Just because their followers stopped writing their stories doesn’t mean their books were finished, my mom had told me once. It only means we got to see some of their chapters.

Something big moved through the forest as the small, wrinkled faces scrunched up even more as the gnomes stared at me in silence. Then each one reached a hand through the knot in the wood and placed a cool palm on the part of my leg closest to them. “There is no excuse for abandoning a child. Your pain and hurt is not unfounded.”

I wanted to argue that it wasn’t pain I felt but anger. Annoyance. Frustration. The ugly stuff, but before I could, the gnomes kept going, ignoring the sounds of heavy weight crashing over leaves and debris.

“All will be well, child,” one of the gnomes predicted. “There is nothing to fear. The old one may anger, but the dreamer has returned.”

What did that even mean?

Before I could get another word out, they were gone… and where their faces had been, bark had replaced the spot.

The sound I’d heard approaching from a distance came to a stop behind me, deep breaths filling the silence. I whipped around and stared up at the colossal wolf standing so close I could count his eyelashes. The dark creature dipped his head and snuffled against my throat, all warm comfort and sharp teeth I didn’t fear.

I threw my arms around his neck.

I hugged Wolf Henri so tight. So freaking tight. Because maybe he didn’t want to marry me, but he’d said I was one of his people.

And right then, I needed a hug more than I needed anything else.

I leaned into him and pressed my forehead to the side of his snout, right beneath his eye. Grateful for this. Grateful for him. This had to be what hugging a bear felt like, or the equivalent of a land shark.

He didn’t have to be out here. He hadn’t needed to comfort me earlier or now. He hadn’t even needed to roll out of bed.

But he had because he was that kind of person.

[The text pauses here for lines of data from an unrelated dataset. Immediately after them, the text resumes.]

(* Let $f:\mathbb{R}^n\to\mathbb{R}^n$ be locally Lipschitz with $f(0)=0$ and suppose there exists a convex Lyapunov function $V\in C^1(\mathbb{R}^n;\mathbb{R}^+)$ for $\dot z=f(z)$. Let $\bar\varphi:\mathbb{R}^n\to(0,+\infty)$ be continuous such that for every $x\in\mathbb{R}^n$ and $h\in[0,\bar\varphi(x)]$ the equation $Y=x+hf(Y)$ has a unique solution $Y\in\mathbb{R}^n$. Then for each $r>0$, $0\in\mathbb{R}^n$ is URGAS for the hybrid system (2.2) with $\varphi(x):=\min\{\bar\varphi(x),r\}$ and $F(h,x):=f(Y)$, where $Y$ is the solution of $Y=x+hf(Y)$ (implicit Euler method).
   Context: The hybrid system (2.2): for each locally bounded $u:\mathbb{R}^+\to\mathbb{R}^+$ and $x_0$, $\tau_0=0$, $x(0)=x_0$, $h_i=\varphi(x(\tau_i))\exp(-u(\tau_i))$, $\tau_{i+1}=\tau_i+h_i$, $x(t)=x(\tau_i)+(t-\tau_i)F(h_i,x(\tau_i))$ on $[\tau_i,\tau_{i+1}]$; solution $x(t,x_0;u)$. URGAS: (a) for every $\varepsilon>0$ there is $\delta>0$ with $|x_0|<\delta\Rightarrow|x(t,x_0;u)|<\varepsilon$ for all $t\ge0$ and all $u$; (b) for every $R$, $\sup\{|x(t,x_0;u)|:t\ge0,|x_0|\le R,u\}<\infty$; (c) for all $\varepsilon,R$ there is $T$ with $|x(t,x_0;u)|\le\varepsilon$ for $t\ge T$, $|x_0|\le R$, all locally bounded $u\ge0$. A Lyapunov function for $\dot z=f(z)$ is a positive definite, radially unbounded $C^1$ function $V$ with $\nabla V(x)f(x)<0$ for $x\ne0$. *)

From Stdlib Require Import Reals Lra.
From Stdlib Require Fin.
Open Scope R_scope.

Definition vec (n : nat) := Fin.t n -> R.

Fixpoint fsum (n : nat) : (Fin.t n -> R) -> R :=
  match n with
  | O => fun _ => 0
  | S m => fun u => u Fin.F1 + fsum m (fun i => u (Fin.FS i))
  end.

Definition vzero {n} : vec n := fun _ => 0.
Definition vadd {n} (x y : vec n) : vec n := fun i => x i + y i.
Definition vsub {n} (x y : vec n) : vec n := fun i => x i - y i.
Definition vscale {n} (a : R) (x : vec n) : vec n := fun i => a * x i.
Definition dot {n} (x y : vec n) : R := fsum n (fun i => x i * y i).
Definition vnorm {n} (x : vec n) : R := sqrt (dot x x).

Definition locally_lipschitz {n} (f : vec n -> vec n) : Prop :=
  forall x, exists delta L, 0 < delta /\
    forall y z, vnorm (vsub y x) < delta -> vnorm (vsub z x) < delta ->
      vnorm (vsub (f y) (f z)) <= L * vnorm (vsub y z).

Definition continuous_vec_R {n} (g : vec n -> R) : Prop :=
  forall x eps, 0 < eps -> exists delta, 0 < delta /\
    forall y, vnorm (vsub y x) < delta -> Rabs (g y - g x) < eps.

Definition continuous_vec_vec {n} (g : vec n -> vec n) : Prop :=
  forall x eps, 0 < eps -> exists delta, 0 < delta /\
    forall y, vnorm (vsub y x) < delta -> vnorm (vsub (g y) (g x)) < eps.

Definition has_gradient {n} (V : vec n -> R) (gV : vec n -> vec n) : Prop :=
  forall x eps, 0 < eps -> exists delta, 0 < delta /\
    forall h, vnorm h < delta ->
      Rabs (V (vadd x h) - V x - dot (gV x) h) <= eps * vnorm h.

Definition C1_with_gradient {n} (V : vec n -> R) (gV : vec n -> vec n) : Prop :=
  has_gradient V gV /\ continuous_vec_vec gV.

Definition lyapunov_function {n} (f : vec n -> vec n) (V : vec n -> R) : Prop :=
  (forall x, 0 <= V x) /\
  V vzero = 0 /\ (forall x, x <> vzero -> 0 < V x) /\
  (forall M, exists Rr, forall x, Rr <= vnorm x -> M <= V x) /\
  exists gV, C1_with_gradient V gV /\
    forall x, x <> vzero -> dot (gV x) (f x) < 0.
Theorem theorem3p9 (R : realType) (d0 : measure_display) (X : measurableType d0)
  (dist : X -> X -> R) (mu : {measure set X -> \bar R}) (f finv : X -> X) (x : X) :
  is_metric dist -> dcompact dist [set: X] -> is_borel dist ->
  is_homeo dist f finv -> (0 < mu [set: X])%E ->
  unif_expansive_pt dist mu f finv x ->
  top_stable_pt dist mu f x /\
  (shadowable_pt dist mu f finv x -> strong_top_stable_pt dist mu f x).
Proof.
move=> dist_metric cX dist_borel f_homeo _ [c c_gt0 Gamma0].
have small_e eps : 0 < eps -> exists2 e, 0 < e & e <= c / 2 /\ e <= eps.
  move=> eps_gt0; exists (Order.min eps (c / 2)).
    by rewrite lt_min eps_gt0 divr_gt0.
  by rewrite !ge_min !lexx orbT.
split => [eps eps_gt0|shadowable eps eps_gt0];
  have [e e_gt0 [e_c e_eps]] := small_e eps eps_gt0.
  exists c => // g ginv g_homeo _; exists (shadow_map dist f finv g ginv e).
  exact: (stab_H_shadow_map dist_metric dist_borel cX f_homeo g_homeo x c eps c
    Gamma0 c_gt0 (lexx c) e_c e_eps).
have [ds ds_gt0 [B [mB muBC trace]]] := shadowable e e_gt0.
pose del := Order.min c (ds / 2).
have del_gt0 : 0 < del by rewrite lt_min c_gt0 divr_gt0.
have /andP [del_c del_ds] : (del <= c) && (del <= ds / 2) by rewrite -le_min.
exists del => //; exists B; split => // g ginv g_homeo fg.
exists (shadow_map dist f finv g ginv e); split.
  exact: (stab_H_shadow_map dist_metric dist_borel cX f_homeo g_homeo x c eps del
    Gamma0 c_gt0 del_c e_c e_eps).
apply: (mu_setC_dom_shadow_map dist_metric dist_borel cX f_homeo g_homeo
  x del ds B _ mB (dopenC_dclosure dist_metric _) _ fg trace).
by lra.
Qed.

And dang it, this wasn’t the time to think of just how much I liked him, but I did. I liked him so much. Everything about him. The physical part was the smallest factor of it all.

Henri, bless his soul, didn’t deny me anything. I clung, and he let me. I sucked up his strength, and he said it was fine.

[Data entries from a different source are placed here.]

(* Let $\mathscr{H}=\mathscr{H}_L\oplus\mathscr{H}_C\oplus\mathscr{H}_R$ be an orthogonal decomposition of a Hilbert space, and let $U$ be a unitary operator on $\mathscr{H}$ of the form $U=(U_{LC}\oplus\mathbb{1}_{\mathscr{H}_R})(\mathbb{1}_{\mathscr{H}_L}\oplus U_{CR})$, where $U_{LC}$ is unitary on $\mathscr{H}_{LC}=\mathscr{H}_L\oplus\mathscr{H}_C$ and $U_{CR}$ is unitary on $\mathscr{H}_{CR}=\mathscr{H}_C\oplus\mathscr{H}_R$. Let $V=V_L\oplus\mathscr{H}_C\oplus V_R$ where $V_L\subset\mathscr{H}_L$ and $V_R\subset\mathscr{H}_R$ are closed subspaces, and put $V_{LC}=V_L\oplus\mathscr{H}_C$, $V_{CR}=\mathscr{H}_C\oplus V_R$. Then the $U$-Schur function $f_V$ of $V$ factorizes as $$f_V=(\mathbb{1}_{V_L}\oplus f^R_{V_{CR}})(f^L_{V_{LC}}\oplus\mathbb{1}_{V_R}),$$ where $f^L_{V_{LC}}$ is the $U_{LC}$-Schur function of $V_{LC}$ and $f^R_{V_{CR}}$ is the $U_{CR}$-Schur function of $V_{CR}$. In particular, the $U$-Schur function of $\mathscr{H}_C$ satisfies $f_{\mathscr{H}_C}=f^R_{\mathscr{H}_C}f^L_{\mathscr{H}_C}$.
   Context: For a unitary operator $W$ on a Hilbert space $\mathscr{K}$ and a closed subspace $S\subset\mathscr{K}$ with orthogonal projection $P$, the $W$-Carathéodory function of $S$ is $F_S(z)=P(W+z\mathbb{1})(W-z\mathbb{1})^{-1}P$ restricted to $S$ ($z$ in the open unit disk $\mathbb{D}$), and the $W$-Schur function of $S$ is the analytic function on $\mathbb{D}$ with values in operators on $S$ given by $f_S(z)=z^{-1}(F_S(z)-\mathbb{1}_S)(F_S(z)+\mathbb{1}_S)^{-1}$ (equivalently, $f_S(z)=P(W-z(\mathbb{1}-P))^{-1}P$ restricted to $S$). All functions in the factorization are regarded as operators on $V$, with direct sums taken with respect to $V=V_L\oplus V_{CR}=V_{LC}\oplus V_R$; $\mathbb{1}_X$ is the identity on $X$. *)

From Stdlib Require Import ClassicalEpsilon.
From mathcomp Require Import all_boot all_algebra.
From mathcomp Require Import reals.
From mathcomp.real_closed Require Import complex.
Import GRing.Theory Num.Theory.
Set Implicit Arguments. Unset Strict Implicit. Unset Printing Implicit Defensive.
Local Open Scope ring_scope.

Section Hilbert.
Variables (R : realType) (H : lmodType R[i]) (ip : H -> H -> R[i]).

Definition is_hilbert : Prop :=
  [/\ (forall (a : R[i]) x y w, ip (a *: x + y) w = a * ip x w + ip y w),
      (forall x y, ip y x = (ip x y)^*),
      (forall x, 0 <= ip x x),
      (forall x, ip x x = 0 -> x = 0) &
      (forall u : nat -> H,
        (forall e : R, 0 < e -> exists N, forall m n, (N <= m)%N -> (N <= n)%N ->
           `|ip (u m - u n) (u m - u n)| < (e%:C)%C) ->
        exists l : H, forall e : R, 0 < e -> exists N, forall n, (N <= n)%N ->
           `|ip (u n - l) (u n - l)| < (e%:C)%C)].

(* Closed subspaces are represented by their orthogonal projections. *)
Definition orthproj (P : H -> H) : Prop :=
  [/\ (forall (a : R[i]) x y, P (a *: x + y) = a *: P x + P y),
      (forall x, P (P x) = P x) &
      (forall x y, ip (P x) y = ip x (P y))].

Definition inS (P : H -> H) (x : H) : Prop := P x = x.

(* W is a unitary operator on the closed subspace K (projection PK);
   the values of W outside K are irrelevant. *)
Definition unitary_on (PK W : H -> H) : Prop :=
  [/\ (forall (a : R[i]) x y, inS PK x -> inS PK y -> W (a *: x + y) = a *: W x + W y),
      (forall x, inS PK x -> inS PK (W x)),
      (forall x y, inS PK x -> inS PK y -> ip (W x) (W y) = ip x y) &
      (forall y, inS PK y -> exists x, inS PK x /\ W x = y)].

(* W-Schur function of the closed subspace S (projection P) of the Hilbert
   space K (projection PK), W unitary on K:
     f_S(z) = P (W - z (1_K - P))^{-1} P  restricted to S. *)
Definition schur (PK W P : H -> H) (z : R[i]) (x : H) : H :=
  P (epsilon (inhabits 0) (fun y => inS PK y /\ W y - z *: (y - P y) = x)).

End Hilbert.

(* [f_S(z) x] is [P_S y] for the solution [y] of the resolvent equation
   [W y - z (y - P_S y) = x]. For [|z| < 1] this equation has exactly one
   solution in the space: uniqueness because [W] is isometric and
   [y |-> z (y - P_S y)] is a strict contraction, existence by the Banach fixed
   point theorem for [y |-> W^-1 (x + z (y - P_S y))]. The factorization then
   amounts to gluing solutions: if [a] solves the [U_LC]-equation for
   [P_{V_LC} x] and [b] solves the [U_CR]-equation for [(f^L (+) 1) x], then
   [P_L a + b] solves the [U]-equation for [x], and its projection onto [V] is
   the right-hand side. *)

From Stdlib Require Import ClassicalEpsilon FunctionalExtensionality.
From mathcomp Require Import all_boot all_order all_algebra.
From mathcomp Require Import reals.
From mathcomp.real_closed Require Import complex.
From mathcomp Require Import ring lra.
Import Order.TTheory GRing.Theory Num.Theory.
Set Implicit Arguments. Unset Strict Implicit. Unset Printing Implicit Defensive.
Local Open Scope ring_scope.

What might have been five minutes or ten went by before his body changed. Fur and muscles turned into smooth skin covered with a touch of body hair. Arms wrapped themselves around my back. Face to chest, hips to legs, that strong hand palmed the back of my head, holding my cheek to him in what I might call tenderness.

I hadn’t planned on saying it, on telling him, but apparently some part of my conscience decided it was a good idea to blurt it out, not even trying to be easygoing or funny about it. “I don’t know what it is about you, Fluff, but you make me feel safe.” I cuddled him closer. “I know you won’t rip any spines out for me, but it’s still nice.” I moved my cheek just enough to feel the crisp hair on his pecs slide across my face. “Thank you for this.”